PROMPT:
Nothing in the records may be left out; restate them word for word.

******

Lemma wmulNl f g w : wmul (wopp f) g w = - wmul f g w.
Proof. by rewrite /wmul -sumrN; apply: eq_bigr => k _; rewrite mulNr. Qed.

Lemma wmulNr f g w : wmul f (wopp g) w = - wmul f g w.
Proof. by rewrite /wmul -sumrN; apply: eq_bigr => k _; rewrite mulrN. Qed.

Lemma wmulA f g h w : wmul f (wmul g h) w = wmul (wmul f g) h w.
Proof.
rewrite /wmul; set L := size w.
pose F i k := f (take i w) * (g (drop i (take k w)) * h (drop k w)).
transitivity (\sum_(i < L.+1) \sum_(k < L.+1) (if (i <= k)%N then F i k else 0)).
  apply: eq_bigr => i _; rewrite size_drop big_distrr /= -big_mkcond /=.
  have iL : (i <= L)%N by rewrite -ltnS.
  transitivity (\sum_(i <= k < L.+1) F i k); last by rewrite big_geq_mkord.
  rewrite -[X in \sum_(X <= _ < _) _](add0n i) big_addn -subSn // big_mkord.
  by apply: eq_bigr => j _; rewrite /F take_drop drop_drop.
rewrite exchange_big /=; apply: eq_bigr => k _.
have kL : (k <= L)%N by rewrite -ltnS.
rewrite -big_mkcond /= big_distrl /= size_takel //.
rewrite (big_ord_widen _ (fun i => f (take i (take k w)) * g (drop i (take k w)) * h (drop k w))
  (ltn_ord k)).
by apply: eq_big => i //= ik; rewrite /F take_takel // mulrA.
Qed.

Lemma wmul_indic_unique (P Q : pred (seq 'I_m)) w :
  (forall k1 k2, (k1 <= size w)%N -> (k2 <= size w)%N ->
     P (take k1 w) && Q (drop k1 w) -> P (take k2 w) && Q (drop k2 w) -> k1 = k2) ->
  wmul (fun v => indic (P v)) (fun v => indic (Q v)) w =
  indic [exists k : 'I_(size w).+1, P (take k w) && Q (drop k w)].
Proof.
move=> uniq_split; rewrite /wmul; under eq_bigr do rewrite indicM.
apply: (sum_indic_unique (P := fun k => P (take k w) && Q (drop k w))) => k1 k2 k1w k2w.
by apply: uniq_split; rewrite -ltnS.
Qed.

End WordSeries.

Section Abelianization.
Variable m : nat.
Implicit Types (f g : wseries m) (w : seq 'I_m) (c : monom m).

Fixpoint words k : seq (seq 'I_m) :=
  if k is k'.+1 then [seq a :: w | a <- enum 'I_m, w <- words k'] else [:: [::]].

Lemma mem_words k w : (w \in words k) = (size w == k).
Proof.
elim: k w => [|k IH] w /=; first by rewrite inE size_eq0.
apply/allpairsP/idP => [[[a w']] [_ /=]|]; first by rewrite IH => /eqP <- ->.
case: w => [|a w] //= sw; exists (a, w); split; rewrite ?mem_enum //.
by rewrite IH.
Qed.

Lemma uniq_words k : uniq (words k).
Proof.
elim: k => [|k IH] //=; apply: allpairs_uniq => //; first exact: enum_uniq.
by case=> [a w] [b v] _ _ /= [-> ->].
Qed.

Lemma big_words_add k1 k2 (F : seq 'I_m -> seq 'I_m -> int) :
  \sum_(w <- words (k1 + k2)) F (take k1 w) (drop k1 w) =
  \sum_(w1 <- words k1) \sum_(w2 <- words k2) F w1 w2.
Proof.
elim: k1 F => [|k1 IH] F.
  rewrite add0n /= big_cons big_nil addr0; apply: eq_bigr => w _.
  by rewrite take0 drop0.
rewrite addSn /= !big_allpairs_dep /=; apply: eq_bigr => a _.
exact: (IH (fun w1 w2 => F (a :: w1) w2)).
Qed.

Lemma card_tuples_words k (P : pred (seq 'I_m)) :
  #|[set t : k.-tuple 'I_m | P t]| = count P (words k).
Proof.
rewrite -sum1dep_card -sum1_count.
have perm_words : perm_eq (map val (index_enum {: k.-tuple 'I_m})) (words k).
  apply: uniq_perm; first by rewrite map_inj_uniq ?index_enum_uniq //; exact: val_inj.
    exact: uniq_words.
  move=> w; rewrite mem_words; apply/mapP/idP => [[t _ ->]|sw]; first by rewrite size_tuple.
  by exists (Tuple sw) => //; rewrite mem_index_enum.
by rewrite -(perm_big _ perm_words) big_map.
Qed.

Definition wcontent w : monom m := content m (word_of w).
Definition mdeg c := (\sum_i c i)%N.

Lemma wcontent_cat w1 w2 :
  wcontent (w1 ++ w2) = [ffun i => (wcontent w1 i + wcontent w2 i)%N].
Proof. by apply/ffunP => i; rewrite !ffunE /word_of map_cat count_cat. Qed.

Lemma mdeg_wcontent w : mdeg (wcontent w) = size w.
Proof.
rewrite /mdeg; under eq_bigr => i _ do rewrite ffunE.
elim: w => [|a w IH] /=; first exact: big1.
under eq_bigr => i _ do rewrite /= eqSS.
rewrite big_split /= IH (bigD1 a) //= eqxx big1 // => i nei.
by case: eqP => // /val_inj eia; rewrite eia eqxx in nei.
Qed.

Lemma leq_mdeg c i : (c i <= mdeg c)%N.
Proof. by rewrite /mdeg (bigD1 i) //= leq_addr. Qed.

******

SOLUTION FOR THIS PROBLEM:
Lemma wmulNl f g w : wmul (wopp f) g w = - wmul f g w.
Proof. by rewrite /wmul -sumrN; apply: eq_bigr => k _; rewrite mulNr. Qed.

Lemma wmulNr f g w : wmul f (wopp g) w = - wmul f g w.
Proof. by rewrite /wmul -sumrN; apply: eq_bigr => k _; rewrite mulrN. Qed.

Lemma wmulA f g h w : wmul f (wmul g h) w = wmul (wmul f g) h w.
Proof.
rewrite /wmul; set L := size w.
pose F i k := f (take i w) * (g (drop i (take k w)) * h (drop k w)).
transitivity (\sum_(i < L.+1) \sum_(k < L.+1) (if (i <= k)%N then F i k else 0)).
  apply: eq_bigr => i _; rewrite size_drop big_distrr /= -big_mkcond /=.
  have iL : (i <= L)%N by rewrite -ltnS.
  transitivity (\sum_(i <= k < L.+1) F i k); last by rewrite big_geq_mkord.
  rewrite -[X in \sum_(X <= _ < _) _](add0n i) big_addn -subSn // big_mkord.
  by apply: eq_bigr => j _; rewrite /F take_drop drop_drop.
rewrite exchange_big /=; apply: eq_bigr => k _.
have kL : (k <= L)%N by rewrite -ltnS.
rewrite -big_mkcond /= big_distrl /= size_takel //.
rewrite (big_ord_widen _ (fun i => f (take i (take k w)) * g (drop i (take k w)) * h (drop k w))
  (ltn_ord k)).
by apply: eq_big => i //= ik; rewrite /F take_takel // mulrA.
Qed.

Lemma wmul_indic_unique (P Q : pred (seq 'I_m)) w :
  (forall k1 k2, (k1 <= size w)%N -> (k2 <= size w)%N ->
     P (take k1 w) && Q (drop k1 w) -> P (take k2 w) && Q (drop k2 w) -> k1 = k2) ->
  wmul (fun v => indic (P v)) (fun v => indic (Q v)) w =
  indic [exists k : 'I_(size w).+1, P (take k w) && Q (drop k w)].
Proof.
move=> uniq_split; rewrite /wmul; under eq_bigr do rewrite indicM.
apply: (sum_indic_unique (P := fun k => P (take k w) && Q (drop k w))) => k1 k2 k1w k2w.
by apply: uniq_split; rewrite -ltnS.
Qed.

End WordSeries.

Section Abelianization.
Variable m : nat.
Implicit Types (f g : wseries m) (w : seq 'I_m) (c : monom m).

Fixpoint words k : seq (seq 'I_m) :=
  if k is k'.+1 then [seq a :: w | a <- enum 'I_m, w <- words k'] else [:: [::]].

Lemma mem_words k w : (w \in words k) = (size w == k).
Proof.
elim: k w => [|k IH] w /=; first by rewrite inE size_eq0.
apply/allpairsP/idP => [[[a w']] [_ /=]|]; first by rewrite IH => /eqP <- ->.
case: w => [|a w] //= sw; exists (a, w); split; rewrite ?mem_enum //.
by rewrite IH.
Qed.

Lemma uniq_words k : uniq (words k).
Proof.
elim: k => [|k IH] //=; apply: allpairs_uniq => //; first exact: enum_uniq.
by case=> [a w] [b v] _ _ /= [-> ->].
Qed.

Lemma big_words_add k1 k2 (F : seq 'I_m -> seq 'I_m -> int) :
  \sum_(w <- words (k1 + k2)) F (take k1 w) (drop k1 w) =
  \sum_(w1 <- words k1) \sum_(w2 <- words k2) F w1 w2.
Proof.
elim: k1 F => [|k1 IH] F.
  rewrite add0n /= big_cons big_nil addr0; apply: eq_bigr => w _.
  by rewrite take0 drop0.
rewrite addSn /= !big_allpairs_dep /=; apply: eq_bigr => a _.
exact: (IH (fun w1 w2 => F (a :: w1) w2)).
Qed.

Lemma card_tuples_words k (P : pred (seq 'I_m)) :
  #|[set t : k.-tuple 'I_m | P t]| = count P (words k).
Proof.
rewrite -sum1dep_card -sum1_count.
have perm_words : perm_eq (map val (index_enum {: k.-tuple 'I_m})) (words k).
  apply: uniq_perm; first by rewrite map_inj_uniq ?index_enum_uniq //; exact: val_inj.
    exact: uniq_words.
  move=> w; rewrite mem_words; apply/mapP/idP => [[t _ ->]|sw]; first by rewrite size_tuple.
  by exists (Tuple sw) => //; rewrite mem_index_enum.
by rewrite -(perm_big _ perm_words) big_map.
Qed.

Definition wcontent w : monom m := content m (word_of w).
Definition mdeg c := (\sum_i c i)%N.

Lemma wcontent_cat w1 w2 :
  wcontent (w1 ++ w2) = [ffun i => (wcontent w1 i + wcontent w2 i)%N].
Proof. by apply/ffunP => i; rewrite !ffunE /word_of map_cat count_cat. Qed.

Lemma mdeg_wcontent w : mdeg (wcontent w) = size w.
Proof.
rewrite /mdeg; under eq_bigr => i _ do rewrite ffunE.
elim: w => [|a w IH] /=; first exact: big1.
under eq_bigr => i _ do rewrite /= eqSS.
rewrite big_split /= IH (bigD1 a) //= eqxx big1 // => i nei.
by case: eqP => // /val_inj eia; rewrite eia eqxx in nei.
Qed.

Lemma leq_mdeg c i : (c i <= mdeg c)%N.
Proof. by rewrite /mdeg (bigD1 i) //= leq_addr. Qed.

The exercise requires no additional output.